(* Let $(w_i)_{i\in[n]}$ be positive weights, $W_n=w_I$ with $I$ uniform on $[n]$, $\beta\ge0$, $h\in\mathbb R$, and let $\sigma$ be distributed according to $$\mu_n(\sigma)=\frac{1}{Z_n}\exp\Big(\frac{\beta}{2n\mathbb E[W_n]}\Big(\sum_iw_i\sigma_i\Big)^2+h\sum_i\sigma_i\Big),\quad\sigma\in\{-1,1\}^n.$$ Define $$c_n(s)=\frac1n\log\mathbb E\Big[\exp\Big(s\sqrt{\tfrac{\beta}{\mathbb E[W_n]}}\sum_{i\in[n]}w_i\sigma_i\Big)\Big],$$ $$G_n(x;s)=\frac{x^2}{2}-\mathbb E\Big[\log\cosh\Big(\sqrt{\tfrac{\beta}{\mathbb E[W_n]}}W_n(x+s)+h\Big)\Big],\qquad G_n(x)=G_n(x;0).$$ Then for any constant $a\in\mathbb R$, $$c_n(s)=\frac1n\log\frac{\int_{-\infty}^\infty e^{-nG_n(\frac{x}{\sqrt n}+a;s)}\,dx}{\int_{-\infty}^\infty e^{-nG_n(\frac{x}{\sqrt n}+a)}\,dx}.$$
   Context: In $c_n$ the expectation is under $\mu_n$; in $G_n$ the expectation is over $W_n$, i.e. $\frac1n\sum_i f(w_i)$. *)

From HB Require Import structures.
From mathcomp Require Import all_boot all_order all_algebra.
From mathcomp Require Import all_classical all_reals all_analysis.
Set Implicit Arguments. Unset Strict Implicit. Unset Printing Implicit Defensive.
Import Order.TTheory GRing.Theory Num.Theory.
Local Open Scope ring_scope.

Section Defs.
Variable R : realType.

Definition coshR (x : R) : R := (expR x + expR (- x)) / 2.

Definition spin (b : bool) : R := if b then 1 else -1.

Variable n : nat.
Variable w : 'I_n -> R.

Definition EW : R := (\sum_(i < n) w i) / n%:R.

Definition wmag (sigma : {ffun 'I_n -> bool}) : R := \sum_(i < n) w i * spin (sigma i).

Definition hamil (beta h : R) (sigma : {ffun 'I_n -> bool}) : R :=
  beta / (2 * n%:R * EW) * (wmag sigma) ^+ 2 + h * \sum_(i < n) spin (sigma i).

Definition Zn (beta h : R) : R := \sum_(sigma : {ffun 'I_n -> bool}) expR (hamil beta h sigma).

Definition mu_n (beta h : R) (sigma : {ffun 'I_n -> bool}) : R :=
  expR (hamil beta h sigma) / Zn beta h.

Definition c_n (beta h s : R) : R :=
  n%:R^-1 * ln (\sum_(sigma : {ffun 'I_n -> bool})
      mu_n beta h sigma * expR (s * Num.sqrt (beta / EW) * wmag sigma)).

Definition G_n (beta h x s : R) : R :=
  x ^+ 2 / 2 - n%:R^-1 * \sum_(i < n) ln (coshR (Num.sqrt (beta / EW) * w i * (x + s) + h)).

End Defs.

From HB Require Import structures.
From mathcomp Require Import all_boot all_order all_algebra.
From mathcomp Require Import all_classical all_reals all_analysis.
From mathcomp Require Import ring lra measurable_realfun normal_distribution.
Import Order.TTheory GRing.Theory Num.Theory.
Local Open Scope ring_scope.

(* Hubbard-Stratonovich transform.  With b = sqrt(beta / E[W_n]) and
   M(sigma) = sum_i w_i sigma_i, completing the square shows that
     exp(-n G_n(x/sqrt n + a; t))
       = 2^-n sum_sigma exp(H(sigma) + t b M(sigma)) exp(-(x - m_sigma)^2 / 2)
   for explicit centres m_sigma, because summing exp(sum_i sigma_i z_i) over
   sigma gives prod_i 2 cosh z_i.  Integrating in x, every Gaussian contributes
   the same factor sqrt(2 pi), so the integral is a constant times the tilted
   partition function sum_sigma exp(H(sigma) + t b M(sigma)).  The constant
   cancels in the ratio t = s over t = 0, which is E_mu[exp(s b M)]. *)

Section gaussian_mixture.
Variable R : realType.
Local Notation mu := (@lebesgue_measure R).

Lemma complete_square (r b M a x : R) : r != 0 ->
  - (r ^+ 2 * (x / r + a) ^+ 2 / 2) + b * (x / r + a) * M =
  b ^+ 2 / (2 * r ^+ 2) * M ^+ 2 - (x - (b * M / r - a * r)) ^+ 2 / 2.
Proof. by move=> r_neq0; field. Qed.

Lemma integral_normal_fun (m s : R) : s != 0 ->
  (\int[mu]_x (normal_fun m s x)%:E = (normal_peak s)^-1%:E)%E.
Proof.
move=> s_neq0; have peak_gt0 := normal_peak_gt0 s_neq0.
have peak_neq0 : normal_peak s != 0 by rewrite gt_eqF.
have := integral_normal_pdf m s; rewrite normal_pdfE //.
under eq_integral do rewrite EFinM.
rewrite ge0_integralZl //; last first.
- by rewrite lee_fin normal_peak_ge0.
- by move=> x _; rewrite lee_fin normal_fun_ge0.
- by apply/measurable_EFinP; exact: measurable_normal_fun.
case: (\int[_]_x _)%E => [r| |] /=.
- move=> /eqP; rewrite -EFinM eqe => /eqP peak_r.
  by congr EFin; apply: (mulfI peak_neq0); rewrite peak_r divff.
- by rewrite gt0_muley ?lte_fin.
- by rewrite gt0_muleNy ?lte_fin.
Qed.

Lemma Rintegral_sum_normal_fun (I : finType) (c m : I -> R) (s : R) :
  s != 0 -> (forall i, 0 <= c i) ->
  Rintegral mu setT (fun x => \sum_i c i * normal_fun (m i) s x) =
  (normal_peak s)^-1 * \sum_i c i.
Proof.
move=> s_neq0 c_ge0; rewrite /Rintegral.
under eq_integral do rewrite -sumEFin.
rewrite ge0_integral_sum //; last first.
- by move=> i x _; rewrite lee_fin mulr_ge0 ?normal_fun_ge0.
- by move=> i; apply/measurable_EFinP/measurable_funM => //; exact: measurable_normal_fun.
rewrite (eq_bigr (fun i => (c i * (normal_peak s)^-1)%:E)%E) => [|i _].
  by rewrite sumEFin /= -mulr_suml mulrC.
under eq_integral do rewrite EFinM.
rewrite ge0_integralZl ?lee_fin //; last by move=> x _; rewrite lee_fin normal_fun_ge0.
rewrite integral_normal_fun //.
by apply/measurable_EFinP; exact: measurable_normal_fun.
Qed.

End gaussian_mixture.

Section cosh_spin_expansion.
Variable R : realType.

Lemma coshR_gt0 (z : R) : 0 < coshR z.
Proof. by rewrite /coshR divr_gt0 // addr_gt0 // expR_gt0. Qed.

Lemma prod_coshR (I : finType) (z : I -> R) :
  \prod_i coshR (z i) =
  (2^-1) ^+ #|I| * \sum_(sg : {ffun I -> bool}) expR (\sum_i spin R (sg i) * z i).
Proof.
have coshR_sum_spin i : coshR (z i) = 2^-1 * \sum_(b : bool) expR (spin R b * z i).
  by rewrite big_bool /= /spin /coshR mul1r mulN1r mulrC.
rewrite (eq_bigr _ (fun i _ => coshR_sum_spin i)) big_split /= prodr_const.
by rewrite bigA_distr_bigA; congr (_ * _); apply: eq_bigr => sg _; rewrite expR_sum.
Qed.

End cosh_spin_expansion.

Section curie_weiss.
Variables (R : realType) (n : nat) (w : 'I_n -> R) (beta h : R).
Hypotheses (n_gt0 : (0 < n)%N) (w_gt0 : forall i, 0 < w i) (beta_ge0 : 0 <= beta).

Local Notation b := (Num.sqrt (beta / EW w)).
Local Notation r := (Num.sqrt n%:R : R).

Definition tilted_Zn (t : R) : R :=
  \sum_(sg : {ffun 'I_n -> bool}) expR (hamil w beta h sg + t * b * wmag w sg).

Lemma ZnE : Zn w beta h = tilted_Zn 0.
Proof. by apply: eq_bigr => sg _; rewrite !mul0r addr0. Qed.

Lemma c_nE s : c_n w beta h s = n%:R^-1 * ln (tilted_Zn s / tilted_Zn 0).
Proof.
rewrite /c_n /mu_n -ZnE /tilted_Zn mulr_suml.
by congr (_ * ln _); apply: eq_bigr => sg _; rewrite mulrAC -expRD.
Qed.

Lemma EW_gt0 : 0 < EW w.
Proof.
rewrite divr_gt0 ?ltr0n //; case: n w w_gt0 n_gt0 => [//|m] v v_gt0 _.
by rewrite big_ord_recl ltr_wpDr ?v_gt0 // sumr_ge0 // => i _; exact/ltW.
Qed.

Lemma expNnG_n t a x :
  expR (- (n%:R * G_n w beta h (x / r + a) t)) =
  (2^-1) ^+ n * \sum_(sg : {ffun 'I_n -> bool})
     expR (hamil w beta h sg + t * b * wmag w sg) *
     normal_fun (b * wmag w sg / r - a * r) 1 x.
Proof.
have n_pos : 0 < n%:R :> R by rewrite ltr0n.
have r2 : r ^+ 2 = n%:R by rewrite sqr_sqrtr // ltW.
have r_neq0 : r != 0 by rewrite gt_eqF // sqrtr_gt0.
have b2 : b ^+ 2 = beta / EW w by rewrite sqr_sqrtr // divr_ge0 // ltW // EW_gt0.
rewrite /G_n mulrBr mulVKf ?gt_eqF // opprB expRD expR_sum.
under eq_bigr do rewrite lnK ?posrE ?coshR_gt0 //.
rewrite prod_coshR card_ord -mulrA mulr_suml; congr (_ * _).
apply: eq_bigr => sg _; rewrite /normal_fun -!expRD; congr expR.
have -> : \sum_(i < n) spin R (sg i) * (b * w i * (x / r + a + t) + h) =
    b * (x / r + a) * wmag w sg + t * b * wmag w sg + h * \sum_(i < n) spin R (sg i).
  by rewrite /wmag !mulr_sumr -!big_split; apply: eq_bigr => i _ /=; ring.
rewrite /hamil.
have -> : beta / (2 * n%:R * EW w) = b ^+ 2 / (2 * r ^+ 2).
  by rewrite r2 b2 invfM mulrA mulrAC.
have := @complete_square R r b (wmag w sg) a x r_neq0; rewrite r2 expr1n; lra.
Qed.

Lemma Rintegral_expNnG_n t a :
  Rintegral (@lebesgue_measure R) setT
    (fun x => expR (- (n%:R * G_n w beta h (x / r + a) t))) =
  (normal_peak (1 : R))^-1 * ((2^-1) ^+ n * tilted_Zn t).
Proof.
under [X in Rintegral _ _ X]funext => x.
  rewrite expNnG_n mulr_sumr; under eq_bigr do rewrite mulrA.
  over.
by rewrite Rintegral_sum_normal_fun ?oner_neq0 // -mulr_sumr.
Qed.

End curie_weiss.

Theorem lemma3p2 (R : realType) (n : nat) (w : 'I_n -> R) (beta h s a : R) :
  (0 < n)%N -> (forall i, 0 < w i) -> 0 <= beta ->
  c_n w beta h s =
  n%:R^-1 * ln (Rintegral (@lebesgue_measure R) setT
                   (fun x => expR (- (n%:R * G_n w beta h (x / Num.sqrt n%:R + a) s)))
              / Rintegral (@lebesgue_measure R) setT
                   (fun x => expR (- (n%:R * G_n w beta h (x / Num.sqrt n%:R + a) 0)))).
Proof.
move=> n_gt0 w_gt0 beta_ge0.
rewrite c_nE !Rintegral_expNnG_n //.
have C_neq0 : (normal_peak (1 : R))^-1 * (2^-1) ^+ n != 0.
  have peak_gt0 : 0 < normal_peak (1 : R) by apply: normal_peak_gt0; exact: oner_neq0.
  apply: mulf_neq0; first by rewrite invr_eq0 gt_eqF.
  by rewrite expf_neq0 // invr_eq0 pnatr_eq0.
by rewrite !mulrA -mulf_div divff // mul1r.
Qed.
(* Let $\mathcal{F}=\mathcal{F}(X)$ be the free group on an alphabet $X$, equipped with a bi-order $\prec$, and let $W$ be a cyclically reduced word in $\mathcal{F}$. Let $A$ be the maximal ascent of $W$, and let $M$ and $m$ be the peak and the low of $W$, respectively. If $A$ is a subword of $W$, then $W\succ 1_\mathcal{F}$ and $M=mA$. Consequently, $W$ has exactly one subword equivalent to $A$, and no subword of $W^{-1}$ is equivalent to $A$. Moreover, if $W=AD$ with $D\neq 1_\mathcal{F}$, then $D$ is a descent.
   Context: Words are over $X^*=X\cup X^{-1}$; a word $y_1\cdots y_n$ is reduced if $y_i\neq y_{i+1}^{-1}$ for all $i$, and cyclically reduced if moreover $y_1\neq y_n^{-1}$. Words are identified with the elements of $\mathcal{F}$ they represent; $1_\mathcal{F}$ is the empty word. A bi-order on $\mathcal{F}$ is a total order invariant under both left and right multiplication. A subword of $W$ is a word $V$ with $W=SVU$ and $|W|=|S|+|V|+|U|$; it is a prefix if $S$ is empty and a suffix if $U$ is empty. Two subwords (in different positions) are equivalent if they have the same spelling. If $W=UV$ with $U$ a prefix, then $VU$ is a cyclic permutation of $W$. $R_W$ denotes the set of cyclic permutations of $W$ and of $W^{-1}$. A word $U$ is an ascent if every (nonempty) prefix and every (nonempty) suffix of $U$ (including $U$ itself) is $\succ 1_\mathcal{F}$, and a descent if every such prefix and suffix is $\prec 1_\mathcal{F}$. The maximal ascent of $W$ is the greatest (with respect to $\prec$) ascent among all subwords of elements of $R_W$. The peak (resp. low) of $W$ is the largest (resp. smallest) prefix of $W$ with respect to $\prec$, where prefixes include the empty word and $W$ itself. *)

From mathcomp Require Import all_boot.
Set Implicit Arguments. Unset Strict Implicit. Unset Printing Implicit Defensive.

About this exercise — Everything above from the line containing "Lemma ZnE : Zn w beta h = tilted_Zn 0." down to the line containing "rewrite /c_n /mu_n -ZnE /tilted_Zn mulr_suml." should be copied exactly, both end lines included, and nothing else.

Task response —
Lemma ZnE : Zn w beta h = tilted_Zn 0.
Proof. by apply: eq_bigr => sg _; rewrite !mul0r addr0. Qed.

Lemma c_nE s : c_n w beta h s = n%:R^-1 * ln (tilted_Zn s / tilted_Zn 0).
Proof.
rewrite /c_n /mu_n -ZnE /tilted_Zn mulr_suml.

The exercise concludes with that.